First-time filmmakers impress with football satire

by Richard Mowe

Net result for Carloto Cotta in Critics’ Week top award-winner Diamantino
Net result for Carloto Cotta in Critics’ Week top award-winner Diamantino Photo: La Semaine de la Critique

In the first of a plethora of awards due at the Cannes Film Festival before the final Official prizes’ ceremony on Saturday, the Critics’ Week jury, headed by director Joachim Trier, last night announced the Franco-Brazilian-Portuguese comedy drama Diamantino has taken the top honours.

Directed by first-time filmmakers Gabriel Anbrantes and Daniel Schmidt, the film tells of the fall from grace of a top football player (played by Carloto Cotta with more than a nod to Ronaldo).

Trade magazine Variety described it as “deranged satire … sure to remain the freshest blast of gonzo comic energy at this year’s Cannes Film Festival."

The other jury members comprised American actress Chloe Sevigny, Argentinian actor Nahuel Perez Biscayart, new Vienna film festival director Eva Sangiorgi and French cultural journalist Augustin Trapenard.

The French writers’ guild SACD prize was awarded to Benedikt Erlingsson’s Icelandic environmental drama Woman at War, which relates how an activist takes on the aluminium industry.

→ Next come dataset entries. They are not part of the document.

Lemma Umap_is_linear tau delta l : linear (Umap tau delta l).
Proof.
move=> c u v; rewrite /Umap /twist exprD_card exprZ_card.
by rewrite -[c *: u]mulr_algl -[c *: u ^+ q]mulr_algl -[c *: (_ + _)]mulr_algl; ring.
Qed.

HB.instance Definition _ tau delta l :=
  GRing.isLinear.Build F L L *:%R (Umap tau delta l) (Umap_is_linear tau delta l).

Definition Uspace (alpha tau delta : L) (l : nat) : {vspace L} :=
  ((amull alpha \o linfun (Umap tau delta l))%VF @: K)%VS.

Lemma UspaceP alpha tau delta l x :
  reflect (exists2 u, u \in K & x = alpha * Umap tau delta l u)
          (x \in Uspace alpha tau delta l).
Proof. by apply: (iffP memv_imgP) => -[u uK ->]; exists u; rewrite ?comp_lfunE ?lfunE. Qed.

Lemma is_scaled_UE alpha tau delta l V :
  is_scaled_U q K alpha tau delta gamma l V <-> V = Uspace alpha tau delta l.
Proof.
split=> [V_def | -> x]; last by split=> [/UspaceP | /UspaceP].
by apply/vspaceP => x; apply/idP/idP => [/V_def/UspaceP | /UspaceP/V_def].
Qed.

Lemma memv_twist tau u : tau \in K -> u \in K -> twist tau u \in K.
Proof. by move=> tauK uK; rewrite rpredD ?rpredM ?rpredX. Qed.

Lemma Uspace_scale_alg (c : F) alpha tau delta l : c != 0 ->
  Uspace (c%:A * alpha) tau delta l = Uspace alpha tau delta l.
Proof.
move=> c_neq0; apply/vspaceP => x; apply/UspaceP/UspaceP => -[u uK ->].
  by exists (c *: u); rewrite ?memvZ // linearZ /= -scalerAr -mulrA mulr_algl.
exists (c^-1 *: u); first by rewrite memvZ.
by rewrite linearZ /= -scalerAr -mulrA mulr_algl scalerA mulVf ?scale1r.
Qed.

Variable r : nat.
Hypothesis minPoly_size : size (minPoly K gamma) = r.+1.

Lemma Umap_eq0 tau delta l u : tau \in K -> delta \in K -> u \in K ->
  (0 < l)%N -> (l + l < r)%N -> Umap tau delta l u = 0 -> u = 0.
Proof.
move=> tauK deltaK uK l_gt0 ll_lt_r Uu_eq0.
have [] // := powers4_coef_eq0 minPoly_size (c1 := twist tau u * delta) (c2 := 0) (c3 := 0)
  uK _ (rpred0 _) (rpred0 _) l_gt0 l_gt0 ll_lt_r.
- by rewrite rpredM ?memv_twist.
- by rewrite !mul0r !addr0.
Qed.

Lemma dim_Uspace alpha tau delta l : alpha != 0 -> tau \in K -> delta \in K ->
  (0 < l)%N -> (l + l < r)%N -> \dim (Uspace alpha tau delta l) = \dim K.
Proof.
move=> alpha_neq0 tauK deltaK l_gt0 ll_lt_r; rewrite limg_dim_eq //.
apply/eqP; rewrite -subv0; apply/subvP => u /memv_capP[uK].
rewrite memv_ker comp_lfunE !lfunE /= mulf_eq0 (negbTE alpha_neq0) /= => /eqP.
by move/(Umap_eq0 tauK deltaK uK l_gt0 ll_lt_r) ->; rewrite mem0v.
Qed.

Section Intersection.
Variables (tau tau' delta delta' : L) (l l' : nat).
Hypotheses (tauK : tau \in K) (tau'K : tau' \in K) (tau_neq0 : tau != 0).
Hypotheses (deltaK : delta \in K) (delta'K : delta' \in K).
Hypotheses (delta_neq0 : delta != 0) (delta'_neq0 : delta' != 0).
Hypotheses (l_gt0 : (0 < l)%N) (l'_gt0 : (0 < l')%N) (ll'_lt_r : (l + l' < r)%N).
Hypothesis tau_rigid :
  forall lam, lam \in K -> lam != 0 -> tau * lam ^+ q = lam * tau' -> tau = tau'.

Local Notation U := (Umap tau delta l).
Local Notation U' := (Umap tau' delta' l').

Lemma Umap_cross_coefs u1 u2 v1 v2 : u1 \in K -> u2 \in K -> v1 \in K -> v2 \in K ->
  U u1 * U' v2 = U u2 * U' v1 ->
  [/\ u1 * v2 = u2 * v1,
      twist tau u1 * twist tau' v2 = twist tau u2 * twist tau' v1 &
      delta * (twist tau u1 * v2 - twist tau u2 * v1)
        + (l == l')%:R * (delta' * (u1 * twist tau' v2 - u2 * twist tau' v1)) = 0].
Proof.
move=> u1K u2K v1K v2K cross.
have [] := powers4_coef_eq0 minPoly_size
  (c0 := u1 * v2 - u2 * v1)
  (c1 := delta * (twist tau u1 * v2 - twist tau u2 * v1))
  (c2 := delta' * (u1 * twist tau' v2 - u2 * twist tau' v1))
  (c3 := delta * delta' * (twist tau u1 * twist tau' v2 - twist tau u2 * twist tau' v1))
  _ _ _ _ l_gt0 l'_gt0 ll'_lt_r.
- by rewrite rpredB ?rpredM.
- by rewrite rpredM ?rpredB ?rpredM ?memv_twist.
- by rewrite rpredM ?rpredB ?rpredM ?memv_twist.
- by rewrite !rpredM ?rpredB ?rpredM ?memv_twist.
- rewrite -(subrr (U u2 * U' v1)) -{1}cross.
  by rewrite /Umap exprD; ring.
move=> /eqP; rewrite subr_eq0 => /eqP c0_eq0 /eqP.
by rewrite !mulf_eq0 (negbTE delta_neq0) (negbTE delta'_neq0) subr_eq0 => /eqP c3_eq0.
Qed.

Félix Maritaud, a French actor, won the Louis Roederer Foundation Rising Star Award for his role as a gay hustler in Sauvage by Camille Vidal-Naquet.

The Critics’ Week sidebar also put the focus on short films with Jacqueline Lentzou's Hector Malot: The Last Day of the Year taking the Leica Cine Discovery Prize and Elias Belkeddar's gangster drama A Wedding Day winning the CanalPlus Award.